Some rhododendrons have buds from which both leaves and flowers emerge, and others have separate flower buds and leaf buds. Most have flower buds only on the terminal ends of branches, while some have flower buds emanating from the axils of branch and leaf. Flower blossoms vary in size from less than half an inch (1.27 cm) to six inches (15 cm) across. Some have fragrance; most do not. Some rhododendrons bloom as early as January or February; some as late as August or even September, rarely into November. Rhododendrons come in a wide variety of flower colors in the white to pink to purple range and in the yellow to orange to red range, but true blue is a hybridizer goal more than a reality. Some plants have single flowers, and some have trusses of blossoms. Most have 5 petals on the flower corolla but some species have 7 or more. The number of stamens varies from 5 (most azaleas), to 10 (the majority), on up to 28 (rare exceptions). In fact, rhododendrons and their subclassification groups are so variable, it is difficult to make an absolute statement about them; someone is certain to point out an exception.

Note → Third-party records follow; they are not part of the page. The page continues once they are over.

Lemma spectral_radius_eigenvalue : rho = spectral_radius B.
Proof.
rewrite /spectral_radius; set S := [set _ | _ in _].
have rhoS : S rho.
  exists (rho, 0); first exact: in_spectrum_eigenvalue.
  by rewrite /= expr0n addr0 sqrtr_sqr gtr0_norm.
have ubS : ubound S rho.
  move=> _ [[a b] /= ab_spec <-]; rewrite leNgt; apply/negP => rho_ab.
  exact: not_in_spectrum rho_ab ab_spec.
apply/eqP; rewrite eq_le; apply/andP; split; last by apply: ge_sup => //; exists rho.
by apply: sup_upper_bound => //; split; exists rho.
Qed.

End PositiveOperator.

Lemma compact_near_uniform {R : realType} {T U : topologicalType}
    {g : T * U -> R} (x0 : U) {e : R} :
  compact [set: T] -> continuous g -> 0 < e ->
  \forall x \near x0, forall t, `|g (t, x) - g (t, x0)| < e.
Proof.
move=> /compact_near_coveringP cT cg e_gt0.
have e2_gt0 : 0 < e / 2 by rewrite divr_gt0.
suff : \forall x \near x0, [set: T] `<=` (fun t => `|g (t, x) - g (t, x0)| < e).
  by apply: filterS => x + t; apply.
apply: cT => t _.
move/cvgrPdist_lt : (cg (t, x0)) => /(_ _ e2_gt0) [[V W] /= [Vt Wx0] VW].
exists (V, W) => // -[t' x] /= [Vt' Wx].
have d1 := VW (t', x) (conj Vt' Wx).
have d2 := VW (t', x0) (conj Vt' (nbhs_singleton Wx0)).
have -> : g (t', x) - g (t', x0) = (g (t, x0) - g (t', x0)) - (g (t, x0) - g (t', x)).
  by ring.
by apply: le_lt_trans (ler_normB _ _) _; rewrite (splitr e) ltrD.
Qed.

In botany, the term azalea no longer has any official standing; in botanists’ formal language Azalea is now a synonym attached to Kalmia (K. procumbens) and cannot be used in grouping and classifying other plants. It continues only as a vernacular name, a common name. To millions of gardeners and plant lovers, azaleas are delightful, floriferous, desirable evergreen shrubs. To a smaller number, it includes the deciduous rhododendrons primarily from North America, including the plant William Bartram called, “certainly the most gay and brilliant flowering shrub yet known.”

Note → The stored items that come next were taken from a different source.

Lemma collapse_letter_max n i m : i + 2 * m < n -> forall x, x <= n ->
  collapse_letter i m x <= n /\ (collapse_letter i m x == n) = (x == n).
Proof.
move=> lt_n x le_n; rewrite /collapse_letter.
case: ifP => [/andP [_ x_le] | _]; last case: ifP => [/andP [x_gt x_le] | _] //.
  by split; rewrite ?ltn_eqF //; lia.
by split; rewrite ?ltn_eqF //; lia.
Qed.

Lemma size_filter_max n u : unique_max n u -> size (filter (predC1 n) u) = n.-1.
Proof.
case/and3P=> /eqP size_u _ /eqP count_n.
have := count_predC (pred1 n) u; rewrite size_filter count_n size_u.
by rewrite (@eq_count _ (predC1 n) (predC (pred1 n))) //; lia.
Qed.

Lemma dyck_interval_filter_max n u i m : unique_max n u ->
  dyck_interval (filter (predC1 n) u) i m = dyck_interval u i m && (i + 2 * m < n).
Proof.
move=> u_max; have size_u : size u = n by case/and3P: u_max => /eqP.
rewrite /dyck_interval size_filter_max // size_u -filter_predI.
have [lt_n | ge_n] := ltnP (i + 2 * m) n.
  have [-> ->] : (i + 2 * m <= n.-1) /\ (i + 2 * m <= n) by lia.
  rewrite andbT (@eq_filter _ _ (fun x => i <= x <= i + 2 * m)) // => x /=.
  by case: (leqP x (i + 2 * m)) => [le_x | _]; rewrite ?andbF // andbT; apply/eqP; lia.
by rewrite andbF; apply/negbTE/and4P => [[? _ ? _]]; lia.
Qed.

Lemma f_word_collapse_filter_max n i m u : 0 < m -> i + 2 * m < n -> unique_max n u ->
  f_word i (map (collapse_letter i m) (filter (predC1 n) u)) =
  omap (filter (predC1 n)) (f_word i (map (collapse_letter i m) u)).
Proof.
move=> m_gt0 lt_n u_max.
by rewrite -(map_filter_max (collapse_letter_max lt_n)) // f_word_filter //=; apply/eqP; lia.
Qed.

Definition word_edge (i m : nat) (u v : seq nat) : Prop :=
  dyck_interval u i m /\
  exists2 w, f_word i (map (collapse_letter i m) u) = Some w & v = std_word w.

Lemma word_edge_filter_max n i m u v : unique_max n u -> unique_max n v ->
  (word_edge i m u v /\ ~ (i <= n <= i + 2 * m)) <->
  (map (predC1 n) u = map (predC1 n) v /\
   word_edge i m (filter (predC1 n) u) (filter (predC1 n) v)).
Proof.
move=> u_max v_max; have size_u : size u = n by case/and3P: u_max => /eqP.
have collapse_max lt_n := map_unique_max (collapse_letter_max (i := i) (m := m) lt_n) u_max.
have collapse_mask lt_n := map_mask_max (collapse_letter_max (i := i) (m := m) lt_n) u_max.
split=> [[[dyck_u [w fw ->]] n_out] | [mask_uv [dyck_fu [w0 + fv]]]].
  have [m_gt0 _ + _] := and4P dyck_u; rewrite size_u => le_n.
  have lt_n : i + 2 * m < n by lia.
  have [w_max mask_w] := f_word_max (ltac:(lia) : i.+1 < n) (collapse_max lt_n) fw.
  split; first by rewrite std_word_mask_max // mask_w collapse_mask.
  split; first by rewrite dyck_interval_filter_max // dyck_u lt_n.
  exists (filter (predC1 n) w); first by rewrite f_word_collapse_filter_max // fw.
  by rewrite std_word_filter_max.
have /andP [dyck_u lt_n] : dyck_interval u i m && (i + 2 * m < n).
  by rewrite -dyck_interval_filter_max.
have /and4P [m_gt0 _ _ _] := dyck_u.
rewrite f_word_collapse_filter_max //; case fw: f_word => [w|] //= [w0_eq].
have [w_max mask_w] := f_word_max (ltac:(lia) : i.+1 < n) (collapse_max lt_n) fw.
split; last by lia.
split=> //; exists w => //; apply: (@eq_by_mask_filter _ n).
  by rewrite std_word_mask_max // mask_w collapse_mask.
by rewrite fv -w0_eq std_word_filter_max.
Qed.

To a gardener, azaleas are distinct from other rhododendrons. Choosing an azalea and choosing a rhododendron are not synonymous. Books that commingle azalea species among other rhododendron species without mentioning the distinction or combine deciduous hybrids and evergreen hybrids in the same lists with no clue given of this major trait are not helpful to those trying to choose a plant. Such practice is common, however, because all are in the Rhododendron genus.
Beginning in 1915, the American Joint Committee on Horticultural Nomenclature was formed by horticulturists, pharmacists, nurserymen, growers, and plant societies. It purpose was “so far as practical” to promote “the consistent use of a single standardized ‘scientific’ name, and a single standardized ‘common’ name for every tree, shrub, and plant in American commerce.” The Statement of the Problem issued in 1917 included the following example. “Azalea is now classed under Rhododendron by some botanists, yet for trade reasons it seems inexpedient to catalogue the Azaleas as Rhododendrons.” In their 1923 edition of Standardized Plant Names, they state, “Azalea is retained as a genus name in accordance with the universal horticultural distinction between Azaleas and Rhododendrons, although leading botanical authorities regard the distinction as of subgeneric rank and apply the name Rhododendron to both groups ...” In the 1942 edition, their stance is modified. Under Azalea they write, “Because of their outstanding horticultural interest, and because they are popularly (as well as by some botanists) generically distinguished from Rhododendrons, Azaleas are listed separately here, as well as under Rhododendron.” Under Rhododendron, is the notice, “Special attention is called to the fact that botanically all Azaleas are properly listed below under Rhododendron. In horticultural practice, however, it is deemed permissible to use the generic Latin term Azalea for the (mostly) deciduous forms of Rhododendron. Some horticulturists, however, prefer to use the technically correct botanical name Rhododendron for the entire group, confining the name Azalea to common and hort[icultural] names where appropriate. For convenience of reference, a botanical list is also included under Azalea ...”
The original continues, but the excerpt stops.